Stored data
Lemma retract_on_box v : exists k eta, box_face p (retract v) k eta.
Proof.
case: (boolP [exists k : 'I_n.+1, (k != i :> nat) && (depth (nth 0 v k) < m)]).
  move=> /existsP [[k hk] /andP [/= hki near_k]]; exists k, (m <= nth 0 v k).
  apply/and3P; split=> //; first by rewrite xpair_eqE negb_and hki.
  by rewrite nth_retract (negbTE hki) /endpoint; apply/eqP; case: leqP; move: near_k;
     rewrite /clamp /depth; lia.
move=> /existsPn far; exists i, (~~ eps).
have h0 : height v = 0.
  apply/eqP; rewrite -leqn0; apply/bigmax_leqP => k hki.
  by move: (far k); rewrite hki /=; lia.
apply/and3P; split=> //; first by rewrite xpair_eqE eqxx; case: eps.
rewrite nth_retract eqxx /slide h0 /endpoint; have := clamp_le (nth 0 v i).
by case: eps => /= ?; apply/eqP; lia.
Qed.

Lemma depth_ge_clamp_neq c x y : zigzag c x y -> clamp x != clamp y ->
  m <= depth x /\ m <= depth y.
Proof. by rewrite /zigzag /clamp /depth; lia. Qed.

Lemma retract_box_arr v w : size v = n.+1 -> size w = n.+1 ->
  box_arr (stage_sign (p + (m + m))) n.+1 v w ->
  box_arr (stage_sign p) n.+1 (retract v) (retract w).
Proof.
move=> hv hw [->|[j [hj [vw /Iarr_sE vw_j]]]]; first by left.
have vw_zigzag l : zigzag (~~ stage_sign (p + (m + m))) (nth 0 v l) (nth 0 w l).
  by case: (eqVneq l j) => [->|/vw ->] //; left.
right; case: (boolP ((j == i) || (clamp (nth 0 v j) == clamp (nth 0 w j)))) => [/orP ij|].
  exists i; split=> //; split=> [l hli|].
    rewrite !nth_retract (negbTE hli).
    case: (eqVneq l j) => [elj|/vw -> //]; rewrite elj in hli *.
    by case: ij => /eqP // eji; rewrite eji eqxx in hli.
  rewrite !nth_retract eqxx; apply/Iarr_sE; rewrite -stage_sign_clamp.
  exact: zigzag_slide vw_zigzag.
move=> /norP [hji hc]; exists j; split=> //; split=> [l hlj|].
  rewrite !nth_retract (vw l hlj); case: eqP => // eli.
  have [hdv hdw] := depth_ge_clamp_neq vw_j hc.
  by rewrite /slide (height_eq vw hdv hdw) vw // -eli.
rewrite !nth_retract (negbTE hji); apply/Iarr_sE; rewrite -stage_sign_clamp.
exact: zigzag_clamp.
Qed.

End Retraction.

Definition box_compatible (G : digraph) (x : nat -> bool -> seq nat -> G) (p : nat) : Prop :=
  forall j', j' < n.+1 -> forall j, j < j' -> forall eta eta',
    (j, eta) != (i, eps) -> (j', eta') != (i, eps) ->
    forall u, is_vertex p.+1 n.-1 u ->
      x j' eta' (ins j (endpoint p eta) u) = x j eta (ins j'.-1 (endpoint p eta') u).

Section Gluing.

Variables (G : digraph) (p : nat) (x : nat -> bool -> seq nat -> G).
Hypothesis p_gt0 : 0 < p.
Hypothesis x_cube : forall k eta, k < n.+1 -> (k, eta) != (i, eps) -> is_cube p n (x k eta).
Hypothesis x_compat : box_compatible x p.
Lemma hecke_basis_of_wedge u0 u1 :
  inLambda q u0 -> inLambda q u1 -> wedge u0 u1 = 1 -> hecke_basis q u0 u1.
Proof.
  intros H0 H1 Hw. destruct (inLambda_hecke_basis q u0 H0) as [w0 Hb].
  assert (Hu1 : u1 = lincomb (wedge u1 w0) 1 u0 w0).
  { rewrite <- Hw. apply lincomb_wedge, (hecke_basis_wedge q), Hb. }
  destruct (inLambda_snd_1 (wedge u1 w0)) as [k Hk].
  { apply (hecke_basis_coords q u0 w0 u1); assumption. }
  rewrite Hu1, Hk. unfold hecke_basis.
  replace (colmat u0 (lincomb (IZR k * lam q) 1 u0 w0)) with (mmul (colmat u0 w0) (Tpow q k))
    by (unfold colmat, lincomb, Tpow, mmul; simpl; f_equal; ring).
  apply inG_mmul; [exact Hb | apply inG_Tpow].
Qed.

End Lattice.

Section Chain.

Variable A : Type.
Variable P : A -> A -> Prop.

Fixpoint chain (l : list A) : Prop :=
  match l with
  | a :: (b :: _) as l' => P a b /\ chain l'
  | _ => True
  end.

Lemma chain_app_cons l w r : chain (l ++ [w]) -> chain (w :: r) -> chain (l ++ w :: r).
Proof.
  induction l as [|a [|b l] IH]; simpl; [tauto | tauto |].
  intros [Hab Hl] Hr; split; [exact Hab | exact (IH Hl Hr)].
Qed.

Lemma chain_map_seq (f : nat -> A) a n :
  (forall k, (a <= k)%nat -> (S k < a + n)%nat -> P (f k) (f (S k))) -> chain (map f (seq a n)).
Proof.
  revert a; induction n as [|[|n] IH]; intros a Hf; simpl; auto.
  split; [apply Hf; lia|]. apply (IH (S a)); intros k Hk1 Hk2; apply Hf; lia.
Qed.

Lemma chain_nth d l i : chain l -> (S i < length l)%nat -> P (nth i l d) (nth (S i) l d).
Proof.
  revert i; induction l as [|a [|b l] IH]; intros i Hl Hi; simpl in Hi; try lia.
  destruct Hl as [Hab Hl]; destruct i as [|i]; [exact Hab|].
  apply (IH i Hl); simpl; lia.
Qed.

Lemma chain_Forall (Q : A -> Prop) l :
  (forall a b, P a b -> Q a /\ Q b) -> chain l -> (2 <= length l)%nat -> Forall Q l.
Proof.
  intros HPQ; induction l as [|a [|b l] IH]; intros Hl Hlen; simpl in Hlen; try lia.
  destruct Hl as [Hab Hl]. constructor; [apply (HPQ a b Hab)|].
  destruct l as [|c l]; [constructor; [apply (HPQ a b Hab) | constructor]|].
  apply IH; [exact Hl | simpl; lia].
Qed.

Definition infix (m l : list A) : Prop := exists l1 l2, l = l1 ++ m ++ l2.

Lemma infix_trans m l l' : infix m l -> infix l l' -> infix m l'.
Proof.
  intros [l1 [l2 ->]] [l3 [l4 ->]].
  exists (l3 ++ l1), (l2 ++ l4). rewrite <- !app_assoc; reflexivity.
Qed.

Lemma infix_In x m l : infix m l -> In x m -> In x l.
Proof. intros [l1 [l2 ->]] Hx. apply in_or_app; right; apply in_or_app; left; exact Hx. Qed.

End Chain.

Arguments chain {A}.
Arguments infix {A}.

Section Refinement.

Variable q : nat.
Hypothesis Hq : (3 <= q)%nat.

Definition fan (v w : vec) : list vec := map (fun j => comb q j v w) (seq 0 q).

Lemma comb_0 v w : comb q 0 v w = v.
Proof. destruct v; unfold comb; simpl; f_equal; ring. Qed.

Lemma comb_last v w : comb q (q - 1) v w = w.
Proof.
  destruct w; unfold comb; rewrite fst_xy_last, snd_xy_last by exact Hq; simpl; f_equal; ring.
Qed.

Lemma cons_refine_aux v w r : v :: refine_aux q v (w :: r) = fan v w ++ refine_aux q w r.
Proof.
  unfold fan. replace (seq 0 q) with (0%nat :: seq 1 (q - 1))
    by (destruct q; [lia | simpl; rewrite Nat.sub_0_r; reflexivity]).
  simpl; rewrite comb_0; reflexivity.
Qed.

*WHAT TO WORK ON*
Copy every record exactly, with nothing added or dropped.

*TASK RESULT*
Lemma retract_on_box v : exists k eta, box_face p (retract v) k eta.
Proof.
case: (boolP [exists k : 'I_n.+1, (k != i :> nat) && (depth (nth 0 v k) < m)]).
  move=> /existsP [[k hk] /andP [/= hki near_k]]; exists k, (m <= nth 0 v k).
  apply/and3P; split=> //; first by rewrite xpair_eqE negb_and hki.
  by rewrite nth_retract (negbTE hki) /endpoint; apply/eqP; case: leqP; move: near_k;
     rewrite /clamp /depth; lia.
move=> /existsPn far; exists i, (~~ eps).
have h0 : height v = 0.
  apply/eqP; rewrite -leqn0; apply/bigmax_leqP => k hki.
  by move: (far k); rewrite hki /=; lia.
apply/and3P; split=> //; first by rewrite xpair_eqE eqxx; case: eps.
rewrite nth_retract eqxx /slide h0 /endpoint; have := clamp_le (nth 0 v i).
by case: eps => /= ?; apply/eqP; lia.
Qed.

Lemma depth_ge_clamp_neq c x y : zigzag c x y -> clamp x != clamp y ->
  m <= depth x /\ m <= depth y.
Proof. by rewrite /zigzag /clamp /depth; lia. Qed.

Lemma retract_box_arr v w : size v = n.+1 -> size w = n.+1 ->
  box_arr (stage_sign (p + (m + m))) n.+1 v w ->
  box_arr (stage_sign p) n.+1 (retract v) (retract w).
Proof.
move=> hv hw [->|[j [hj [vw /Iarr_sE vw_j]]]]; first by left.
have vw_zigzag l : zigzag (~~ stage_sign (p + (m + m))) (nth 0 v l) (nth 0 w l).
  by case: (eqVneq l j) => [->|/vw ->] //; left.
right; case: (boolP ((j == i) || (clamp (nth 0 v j) == clamp (nth 0 w j)))) => [/orP ij|].
  exists i; split=> //; split=> [l hli|].
    rewrite !nth_retract (negbTE hli).
    case: (eqVneq l j) => [elj|/vw -> //]; rewrite elj in hli *.
    by case: ij => /eqP // eji; rewrite eji eqxx in hli.
  rewrite !nth_retract eqxx; apply/Iarr_sE; rewrite -stage_sign_clamp.
  exact: zigzag_slide vw_zigzag.
move=> /norP [hji hc]; exists j; split=> //; split=> [l hlj|].
  rewrite !nth_retract (vw l hlj); case: eqP => // eli.
  have [hdv hdw] := depth_ge_clamp_neq vw_j hc.
  by rewrite /slide (height_eq vw hdv hdw) vw // -eli.
rewrite !nth_retract (negbTE hji); apply/Iarr_sE; rewrite -stage_sign_clamp.
exact: zigzag_clamp.
Qed.

End Retraction.

Definition box_compatible (G : digraph) (x : nat -> bool -> seq nat -> G) (p : nat) : Prop :=
  forall j', j' < n.+1 -> forall j, j < j' -> forall eta eta',
    (j, eta) != (i, eps) -> (j', eta') != (i, eps) ->
    forall u, is_vertex p.+1 n.-1 u ->
      x j' eta' (ins j (endpoint p eta) u) = x j eta (ins j'.-1 (endpoint p eta') u).

Section Gluing.

Variables (G : digraph) (p : nat) (x : nat -> bool -> seq nat -> G).
Hypothesis p_gt0 : 0 < p.
Hypothesis x_cube : forall k eta, k < n.+1 -> (k, eta) != (i, eps) -> is_cube p n (x k eta).
Hypothesis x_compat : box_compatible x p.
Lemma hecke_basis_of_wedge u0 u1 :
  inLambda q u0 -> inLambda q u1 -> wedge u0 u1 = 1 -> hecke_basis q u0 u1.
Proof.
  intros H0 H1 Hw. destruct (inLambda_hecke_basis q u0 H0) as [w0 Hb].
  assert (Hu1 : u1 = lincomb (wedge u1 w0) 1 u0 w0).
  { rewrite <- Hw. apply lincomb_wedge, (hecke_basis_wedge q), Hb. }
  destruct (inLambda_snd_1 (wedge u1 w0)) as [k Hk].
  { apply (hecke_basis_coords q u0 w0 u1); assumption. }
  rewrite Hu1, Hk. unfold hecke_basis.
  replace (colmat u0 (lincomb (IZR k * lam q) 1 u0 w0)) with (mmul (colmat u0 w0) (Tpow q k))
    by (unfold colmat, lincomb, Tpow, mmul; simpl; f_equal; ring).
  apply inG_mmul; [exact Hb | apply inG_Tpow].
Qed.

End Lattice.

Section Chain.

Variable A : Type.
Variable P : A -> A -> Prop.

Fixpoint chain (l : list A) : Prop :=
  match l with
  | a :: (b :: _) as l' => P a b /\ chain l'
  | _ => True
  end.

Lemma chain_app_cons l w r : chain (l ++ [w]) -> chain (w :: r) -> chain (l ++ w :: r).
Proof.
  induction l as [|a [|b l] IH]; simpl; [tauto | tauto |].
  intros [Hab Hl] Hr; split; [exact Hab | exact (IH Hl Hr)].
Qed.

Lemma chain_map_seq (f : nat -> A) a n :
  (forall k, (a <= k)%nat -> (S k < a + n)%nat -> P (f k) (f (S k))) -> chain (map f (seq a n)).
Proof.
  revert a; induction n as [|[|n] IH]; intros a Hf; simpl; auto.
  split; [apply Hf; lia|]. apply (IH (S a)); intros k Hk1 Hk2; apply Hf; lia.
Qed.

Lemma chain_nth d l i : chain l -> (S i < length l)%nat -> P (nth i l d) (nth (S i) l d).
Proof.
  revert i; induction l as [|a [|b l] IH]; intros i Hl Hi; simpl in Hi; try lia.
  destruct Hl as [Hab Hl]; destruct i as [|i]; [exact Hab|].
  apply (IH i Hl); simpl; lia.
Qed.

Lemma chain_Forall (Q : A -> Prop) l :
  (forall a b, P a b -> Q a /\ Q b) -> chain l -> (2 <= length l)%nat -> Forall Q l.
Proof.
  intros HPQ; induction l as [|a [|b l] IH]; intros Hl Hlen; simpl in Hlen; try lia.
  destruct Hl as [Hab Hl]. constructor; [apply (HPQ a b Hab)|].
  destruct l as [|c l]; [constructor; [apply (HPQ a b Hab) | constructor]|].
  apply IH; [exact Hl | simpl; lia].
Qed.

Definition infix (m l : list A) : Prop := exists l1 l2, l = l1 ++ m ++ l2.

Lemma infix_trans m l l' : infix m l -> infix l l' -> infix m l'.
Proof.
  intros [l1 [l2 ->]] [l3 [l4 ->]].
  exists (l3 ++ l1), (l2 ++ l4). rewrite <- !app_assoc; reflexivity.
Qed.

Lemma infix_In x m l : infix m l -> In x m -> In x l.
Proof. intros [l1 [l2 ->]] Hx. apply in_or_app; right; apply in_or_app; left; exact Hx. Qed.

End Chain.

Arguments chain {A}.
Arguments infix {A}.

Section Refinement.

Variable q : nat.
Hypothesis Hq : (3 <= q)%nat.

Definition fan (v w : vec) : list vec := map (fun j => comb q j v w) (seq 0 q).

Lemma comb_0 v w : comb q 0 v w = v.
Proof. destruct v; unfold comb; simpl; f_equal; ring. Qed.

Lemma comb_last v w : comb q (q - 1) v w = w.
Proof.
  destruct w; unfold comb; rewrite fst_xy_last, snd_xy_last by exact Hq; simpl; f_equal; ring.
Qed.

Lemma cons_refine_aux v w r : v :: refine_aux q v (w :: r) = fan v w ++ refine_aux q w r.
Proof.
  unfold fan. replace (seq 0 q) with (0%nat :: seq 1 (q - 1))
    by (destruct q; [lia | simpl; rewrite Nat.sub_0_r; reflexivity]).
  simpl; rewrite comb_0; reflexivity.
Qed.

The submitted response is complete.